Output only the lines below from the one containing "(spec_density n q" to the one containing "rewrite spec_densityE.", exactly as written, both ends kept.

Stored data entries:
───

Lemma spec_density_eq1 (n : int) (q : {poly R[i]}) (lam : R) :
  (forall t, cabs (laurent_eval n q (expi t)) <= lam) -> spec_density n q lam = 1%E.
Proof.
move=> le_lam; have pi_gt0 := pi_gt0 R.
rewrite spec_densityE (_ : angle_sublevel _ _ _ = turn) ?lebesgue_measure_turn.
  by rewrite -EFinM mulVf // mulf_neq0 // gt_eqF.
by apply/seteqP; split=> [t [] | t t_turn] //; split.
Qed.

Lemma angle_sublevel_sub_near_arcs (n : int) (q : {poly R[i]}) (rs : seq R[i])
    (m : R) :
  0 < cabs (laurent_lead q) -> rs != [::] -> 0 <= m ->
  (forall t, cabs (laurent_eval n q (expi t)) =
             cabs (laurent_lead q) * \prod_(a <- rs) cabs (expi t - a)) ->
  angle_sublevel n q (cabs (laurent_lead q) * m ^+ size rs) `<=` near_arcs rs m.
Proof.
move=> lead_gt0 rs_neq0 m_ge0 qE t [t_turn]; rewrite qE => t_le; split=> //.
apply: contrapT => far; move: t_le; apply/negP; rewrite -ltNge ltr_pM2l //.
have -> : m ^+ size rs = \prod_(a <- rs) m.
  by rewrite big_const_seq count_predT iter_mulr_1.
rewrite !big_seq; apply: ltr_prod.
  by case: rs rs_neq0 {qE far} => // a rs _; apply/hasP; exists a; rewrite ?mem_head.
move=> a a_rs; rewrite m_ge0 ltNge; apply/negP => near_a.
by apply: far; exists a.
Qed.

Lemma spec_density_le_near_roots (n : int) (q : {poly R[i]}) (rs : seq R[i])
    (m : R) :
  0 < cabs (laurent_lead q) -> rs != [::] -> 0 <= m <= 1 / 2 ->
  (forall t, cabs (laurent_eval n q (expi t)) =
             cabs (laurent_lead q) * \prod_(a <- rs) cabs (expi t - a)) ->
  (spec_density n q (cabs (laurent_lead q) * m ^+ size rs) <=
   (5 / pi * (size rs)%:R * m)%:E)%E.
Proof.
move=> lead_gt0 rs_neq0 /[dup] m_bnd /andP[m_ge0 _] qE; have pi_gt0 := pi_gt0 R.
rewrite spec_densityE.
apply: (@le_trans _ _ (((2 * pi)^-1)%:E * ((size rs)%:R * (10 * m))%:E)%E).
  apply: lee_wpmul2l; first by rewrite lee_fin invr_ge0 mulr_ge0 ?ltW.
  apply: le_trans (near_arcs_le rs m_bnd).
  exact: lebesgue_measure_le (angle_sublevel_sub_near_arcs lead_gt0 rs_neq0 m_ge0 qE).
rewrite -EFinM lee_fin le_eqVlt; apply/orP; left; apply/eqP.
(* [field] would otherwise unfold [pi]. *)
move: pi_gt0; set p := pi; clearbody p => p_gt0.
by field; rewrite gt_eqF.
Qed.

───

• Result:
  (spec_density n q (cabs (laurent_lead q) * m ^+ size rs) <=
   (5 / pi * (size rs)%:R * m)%:E)%E.
Proof.
move=> lead_gt0 rs_neq0 /[dup] m_bnd /andP[m_ge0 _] qE; have pi_gt0 := pi_gt0 R.
rewrite spec_densityE.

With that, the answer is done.